While Svenonius respectfully quizzed both about a variety of topics,
I couldn’t help but think that, for my world, this is our
“greatest generation.” They both remain completely unique
individuals who, along with quite a few others in the American post-punk
years, built our little corner of the world, band-by-band, record-by-record,
club-by-club, store-by-store, disaffected suburban kid by disaffected
suburban kid. Not only are both still musicians, but McKaye is still
the boss of Dischord and Rollins still has his publishing company.
I don't think I'm being a cynical thirty-something when I imagine
that we’re not going to see the likes of these two for some
time…
The hardcore
generation, despite its faults, was definitely not doing things
to become rich and famous, but anti-rock stars in every sense of
the word, even Greg Ginn (I think). Well aware that theirs was not
the type of music that ever had a chance on the radio, this small
group of folks set up their own universe as an alternative to that
of A&R guys, managers, and publicists. And, while more than
a few records from the hardcore era hold up, the main thing that
survives is not only our touring circuit, or our record store network,
but also the seeds they planted within us… That little pang
of guilt when we sell out, give in, or merely accept things that
we don’t believe in.
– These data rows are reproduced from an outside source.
Section LukasiewiczArithmetic.
Variable m : nat.
Implicit Types x y : luk m.

Lemma val_lneg x : nat_of_ord (lneg x) = m - x.
Proof. rewrite /lneg inordK //; have := ltn_ord x; lia. Qed.

Lemma val_loplus x y : nat_of_ord (loplus x y) = minn (x + y) m.
Proof. rewrite /loplus inordK //; lia. Qed.

Lemma val_lodot x y : nat_of_ord (lodot x y) = x + y - m.
Proof. rewrite /lodot inordK //; have := ltn_ord x; have := ltn_ord y; lia. Qed.

Lemma val_limp x y : nat_of_ord (limp x y) = minn m (m - x + y).
Proof. rewrite /limp inordK //; lia. Qed.

Lemma val_lmin x y : nat_of_ord (lmin x y) = minn x y.
Proof. rewrite /lmin; case: ifP; lia. Qed.

Lemma lminC x y : lmin x y = lmin y x.
Proof. by apply: val_inj; rewrite /= !val_lmin minnC. Qed.

Lemma lneg_lzero : lneg (lzero m) = lone m.
Proof. by apply: val_inj; rewrite /= val_lneg subn0. Qed.

Lemma lneg_lone : lneg (lone m) = lzero m.
Proof. by apply: val_inj; rewrite /= val_lneg subnn. Qed.

Definition crisp x := (nat_of_ord x == 0) || (nat_of_ord x == m).

Lemma crisp_lneg x : crisp x -> crisp (lneg x).
Proof. rewrite /crisp val_lneg; lia. Qed.

Lemma crisp_lmin x y : crisp x -> crisp y -> crisp (lmin x y).
Proof. rewrite /crisp val_lmin; lia. Qed.

End LukasiewiczArithmetic.

Lemma eff_ext (N : finType) (X : Type) (m : nat) (E : eff N X m) :
  outcome_monotonic E -> forall C (f g : X -> luk m), f =1 g -> E C f = E C g.
Proof.
move=> E_mono C f g fg; apply/val_inj/eqP; rewrite eqn_leq.
by rewrite !E_mono // => x; rewrite fg.
Qed.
They offered us a wonderful and uncompromising
world, or stand against the predominant world, that, no matter what
you hear, is still valid in this age when lines are much blurrier
and selling out has become, for most, a necessity.
I don’t
believe that the DIY values are completely antiquated and am aware
of a few circles of young and old folks employing them in various
edges of the music world – in basements, warehouses, art galleries,
and other makeshift venues, putting out CD-R’s, cassettes,
and even 45s. There’s still plenty of music not touched by
the entertainment divisions of multinational corporations, Madison
Avenue, or even the inflated “indie-music” industry
(though sadly, half of the stuff you find here, though indie-ish,
is of that lesser evil).
Which
leads me to my conclusion – a few days after hearing Rollins
and McKaye, I wound up attending the after-premier party for American
Hardcore. For those of you not familiar, this
is a film version of Steve Blesh’s oral history about the
musical/cultural movement divided into regional scenes. I read the
book, which had its merits, and was on the fence about going to
yet another doc about twenty years ago or whatever, but the after-party
was hard to turn down as it included a set by the recently reformed
Flipper,
one of my favorite bands of the era and one that I’ve yet
to see since they've been at it again.
The event
was thrown by Paper magazine and sponsored by Dos Equis
(they both get a shoutout - promotion is working!) and I arrived
just in time to grab a beer and catch the entire set. Flipper was
certainly one of the most confrontational and uncompromising bands
of their era, and watching these unfashionable, weathered, and very
real middle aged men proved they still hadn’t given in more
than an inch or two. That night their banter was more concerned
with immediate issues: demanding the admittance of a kid who couldn’t
get in because he was too young, complaining about the smoking ban,
and, when an audience member said, “fuck the hippies,”
calling him “ignorant” and taking time to explain that
if he had any sense he’d realize the real problem is the corporate
fascist state. They even had Moby, who played with them once in
the early 1980s, join them on bass for “Sex Bomb,” and
then Bruce Loose literally removed the celebrity’s instrument
and kicked the him off of the stage – harsh – but still
loving in an old school way.
What
I think the band didn’t know was that, once the American
Hardcore slideshow began to role behind them, it was an endless
loop of about ten frames that degraded the entire experience even
more than the sponsorships, the venue itself, and half of the guests.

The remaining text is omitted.